Let's take a moment to admire how good a tackle that is from Ben Youngs.


It’s try-saving hit and he comes up on the Australian side of the tackle and, legally, Youngs is getting in Genia's face buying a valuable second for his teammates to scramble and set. Additionally, the work rate by England means they get a huge number of bodies back in and around this breakdown.
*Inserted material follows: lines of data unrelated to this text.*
(* Key lemma: a connected set C outside a Steiner-closed set P is adjacent
   to at most two vertices of P.  Given three, u1, u2, u3, the path s from u1
   through C to u2 lies in CH(P); the first vertex m on s of a path from u3
   through C to s lies in C, hence in CH(P) \ P, and has three neighbours in
   CH(P): its predecessor m' and its two neighbours on s. *)
Lemma attachments_le2 (P C : {set V}) :
  steiner_closed e P -> connected_set C -> (forall x, x \in C -> x \notin P) ->
  #|attachments P C| <= 2.
Proof.
move=> HsP HC HCP; rewrite leqNgt; apply/negP.
case/card_gt2P => [u1 [u2 [u3 [[]]]]].
rewrite !inE => /andP[u1P /existsP[v1 /andP[v1C e1]]].
move=> /andP[u2P /existsP[v2 /andP[v2C e2]]] /andP[u3P /existsP[v3 /andP[v3C e3]]].
case=> n12 n23 n31.
have PC u : u \in P -> u \notin C by move=> uP; apply: contraL uP; apply: HCP.
have [c1 [Hg1 Hc1]] := attachment_gpath HC HCP u1P v1C e1 v2C.
pose s := rcons c1 u2.
have Hs : gpath e u1 s u2.
  apply: gpath_rcons Hg1 _ _; first by rewrite e_sym.
  by rewrite in_cons negb_or (eq_sym u2 u1) n12; apply: contra (PC _ u2P); apply: Hc1.
have sH z : z \in u1 :: s -> z \in hull e P.
  by move=> Hz; apply: (onpath_hull u1P u2P); rewrite (onpath_gpath _ Hs).
have v2s : v2 \in u1 :: s.
  case/and3P: Hg1 => _ /eqP <- _.
  by rewrite /s -rcons_cons mem_rcons in_cons mem_last orbT.
have u3s : u3 \notin u1 :: s.
  rewrite /s in_cons mem_rcons (in_cons u2) negb_or n31 negb_or (eq_sym u3 u2) n23.
  by apply: contra (PC _ u3P); apply: Hc1.
have [c3 [Hg3 Hc3]] := attachment_gpath HC HCP u3P v3C e3 v2C.
have [Hp3 /eqP Hl3 _] := and3P Hg3.
have Hall3 : all [in [set x in u3 :: c3]] (u3 :: c3) by apply/allP => x; rewrite inE.
have Hout : u3 \notin [set x in u1 :: s] by rewrite inE.
have Hin : last u3 c3 \in [set x in u1 :: s] by rewrite inE Hl3.
have [m' [m [Hm'm]]] := path_exit Hp3 Hall3 Hout Hin.
rewrite in_setD in_setI !in_set => /andP[m'W m'c3] /andP[mc3 mW] _.
have mC : m \in C.
  move: mc3; rewrite in_cons => /orP[/eqP Hm|/Hc3 //].
  by move: mW; rewrite Hm (negbTE u3s).
have ms : m \in s.
  by move: mW; rewrite in_cons => /orP[/eqP Hm|//]; move: mC; rewrite Hm (negbTE (PC _ u1P)).
have mu2 : m != u2 by apply: contraTneq mC => ->; apply: PC.
have [x [y [xs ys nxy Hmx Hmy]]] := gpath_inner_neighbours Hs ms mu2.
have m'H : m' \in hull e P.
  by apply: (hull_convex (hull_sub u3P) (sH v2 v2s)); rewrite (onpath_gpath _ Hg3).
apply: (steiner_no_branching HsP _ m'H (sH _ xs) (sH _ ys) _ Hmx Hmy _ nxy).
- by rewrite in_setD (sH _ mW) andbT; apply: HCP.
- by rewrite e_sym.
- by apply: contraNneq m'W => ->.
- by apply: contraNneq m'W => <-.
Qed.

Lemma components_props (A K : {set V}) : K \in components e A ->
  [/\ K \subset A, connected_set K
    & forall x y, x \in K -> e x y -> y \in A -> y \in K].
Proof.
case/imsetP => x0 x0A ->.
have Hreach y : connect (restr e A) x0 y ->
    connect (restr e [set y in A | connect (restr e A) x0 y]) x0 y.
  case/connectP => p Hp ->; apply: (path_connect _ (mem_last _ _)).
  apply: restr_path (restr_path_base Hp) _; apply/allP => z Hz.
  rewrite inE (path_connect Hp Hz) andbT.
  by move: Hz; rewrite in_cons => /orP[/eqP -> //|/(restr_path_mem Hp)].
split.
- by apply/subsetP => y; rewrite inE => /andP[].
- move=> y z; rewrite !inE => /andP[_ Hy] /andP[_ Hz].
  apply: (@connect_trans _ _ x0); last exact: Hreach.
  by rewrite connect_restr_sym; apply: Hreach.
- move=> y z; rewrite !inE => /andP[yA Hy] eyz zA; rewrite zA /=.
  by apply: connect_trans Hy (connect1 _); rewrite /restr /= eyz yA zA.
Qed.

Lemma valid_st_inv S r ts : valid_st e S (Node r ts) ->
  [/\ r \in S, perm_eq [seq tset t | t <- ts] (enum (components e (S :\ r)))
    & forall t, List.In t ts -> valid_st e (tset t) t].
Proof. by move=> H; inversion H; subst. Qed.

Lemma In_map_mem (T : Type) (U : eqType) (f : T -> U) x s :
  List.In x s -> f x \in map f s.
Proof. by elim: s => //= y s IH [->|/IH Hx]; rewrite in_cons ?eqxx ?Hx ?orbT. Qed.

Lemma valid_st_child S r ts t : valid_st e S (Node r ts) -> List.In t ts ->
  tset t \in components e (S :\ r).
Proof.
case/valid_st_inv => _ Hperm _ Hin; rewrite -mem_enum -(perm_mem Hperm).
exact: In_map_mem.
Qed.

Lemma tpath_sub (t : rtree V) (p : seq V) :
  tpath t p -> forall S, valid_st e S t -> {subset p <= S}.
Proof.
elim => [r ts | r ts t0 {}p Hin Ht IH] S Hv; have [rS _ Hch] := valid_st_inv Hv.
  by move=> x; rewrite inE => /eqP ->.
move=> x; rewrite in_cons => /orP[/eqP -> //|Hx].
have [Hsub _ _] := components_props (valid_st_child Hv Hin).
by move: (IH _ (Hch _ Hin) _ Hx) => /(subsetP Hsub) /setD1P[].
Qed.

(* Along a root path p of a search tree on S, the nodes from p_i on (i > 0) lie
   in a connected set C avoiding p_0..p_(i-1) and closed under taking
   neighbours in S outside p_0..p_(i-1): the subtree rooted at p_i. *)
Lemma tpath_suffix_component (t : rtree V) (p : seq V) :
  tpath t p -> forall S i, valid_st e S t -> 0 < i < size p ->
  exists C : {set V}, [/\ {subset drop i p <= C}, C \subset S, connected_set C,
    {in C, forall x, x \notin take i p}
    & forall x y, x \in C -> e x y -> y \in S -> y \notin take i p -> y \in C].
Proof.
elim => [r ts | r ts t0 {}p Hin Ht IH] S i Hv /andP[i0 Hi].
  by case: i i0 Hi => [|[|i]].
case: i i0 Hi => [|[|i]] // _ Hi.
- have [Hsub Hconn Hclos] := components_props (valid_st_child Hv Hin).
  have [_ _ Hch] := valid_st_inv Hv.
  exists (tset t0); split => //.
  + by rewrite /= drop0; apply: (tpath_sub Ht (Hch _ Hin)).
  + by apply: (subset_trans Hsub); apply: subsetDl.
  + by move=> x /(subsetP Hsub) /setD1P[xr _]; rewrite /= take0 inE.
  + move=> x y xt exy yS; rewrite /= take0 inE => yr.
    by apply: (Hclos x) => //; apply/setD1P.
- have [Hsub _ Hclos] := components_props (valid_st_child Hv Hin).
  have [_ _ Hch] := valid_st_inv Hv.
  have [C [HpC HCt HC HCp HCcl]] := IH _ i.+1 (Hch _ Hin) Hi.
  have HCS : C \subset S :\ r := subset_trans HCt Hsub.
  exists C; split => //.
  + by apply: (subset_trans HCS); apply: subsetDl.
  + move=> x xC; rewrite /= in_cons negb_or HCp // andbT.
    by case/setD1P: (subsetP HCS _ xC).
  + move=> x y xC exy yS; rewrite /= in_cons negb_or => /andP[yr yp].
    apply: (HCcl x) => //; apply: (Hclos x) => //; first exact: (subsetP HCt).
    exact/setD1P.
Qed.

Lemma tpath_take (t : rtree V) (p : seq V) i :
  tpath t p -> 0 < i -> tpath t (take i p).
Proof.
move=> Ht; elim: Ht i => [r ts | r ts t' {}p Hin Ht IH] [|i] // _.
  exact: TP0.
case: i => [|i]; first by rewrite /= take0; apply: TP0.
by apply: TPS Hin (IH _ _).
Qed.

(* If every vertex of A is joined inside G[A] to a vertex of N, then G[A] has
   at most #|N| components, since each one is the component of a vertex of N. *)
Lemma components_card_le (A N : {set V}) :
  (forall x, x \in A -> exists2 u, u \in N & connect (restr e A) x u) ->
  #|components e A| <= #|N|.
Proof.
move=> Hreach; pose comp u := [set y in A | connect (restr e A) u y].
apply: (leq_trans _ (leq_imset_card comp N)); apply: subset_leq_card.
apply/subsetP => K /imsetP[x xA ->]; have [u uN Hxu] := Hreach x xA.
apply/imsetP; exists u => //; apply/setP => y; rewrite !inE; congr andb.
apply/idP/idP; first by apply: connect_trans; rewrite connect_restr_sym.
exact: connect_trans.
Qed.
Its phenomenal defence by England and whilst Australia’s review of this sequence will focus on the good and bad of the attacking play, England's will be focused on the good and bad of their defensive play.

So after a superb tackle, we have a breakdown from which Koroibete crashes over for what looks like a superb try only to have it, rightly or wrongly, disallowed for obstruction.

Interestingly if we take an overhead view we can see that it likely wasn’t actually mean for Koroibete at all but was actually a pass for Moore to run onto.


Much as he did against Wales, Genia picks and goes attacking the defensive fringe and looking for a short runner hitting a gap but rather than Koroibete I think the pass is actually meant for Stephen Moore who's coming on a hard line.

We can see Farrell has been pulled in and that Moore would likely have been able to go over if he’d taken the pass from Genia. Maybe it’s inexperience or a simple lack of communication but Koroibete gets in the way plucking the pass out of the air and colliding with Moore who in turn hits Robshaws right shoulder spinning him out of a clean hit and the ref rules obstruction.

It’s a disappointing end to a frankly superb bit of play from Australia and they never really recover from the decisions. However, if it is or isn’t obstruction is ultimately beside the point because as we can see it could have been avoided if certain decisions had gone a different way or if one of Koroibete or Moore had held their depth on that final pass. Whilst that may seem overly critical of Koroibete it's worth noting this is one small thing in an otherwise superb game by him.

Players make decisions on so many factors in a game it's sometimes impossible to tell what may or may not have been but if we roll the clock back a week we can see a remarkably similar move in play with a very different outcome resulting in a try for Rhys Ruddock in Ireland’s hammering of South Africa.

Ireland’s approach work to the line break is slightly different, they play O’Brien in the Half Back position, with Marmion executing the Foley role and Sexton the Beale role. Regardless it results in a clean line break for Stockdale who manages to link up with Conway on the right.


Granted the flow of the move and the defence lends itself to attack to the right but even so though Ireland are stopped short because the SA defence is having to race across the pitch on the chase down rather than backwards we can see as Ireland recycle they are attacking a stretched defence rather than the congested area Australia found themselves in. They recycle twice and crash over for a fantastic try.

Of course these are two very different games, albeit with lots of similarities in how the final score was built, but I think by looking at two very similar tries with two very different outcomes we can at least get a good sense of what may have been.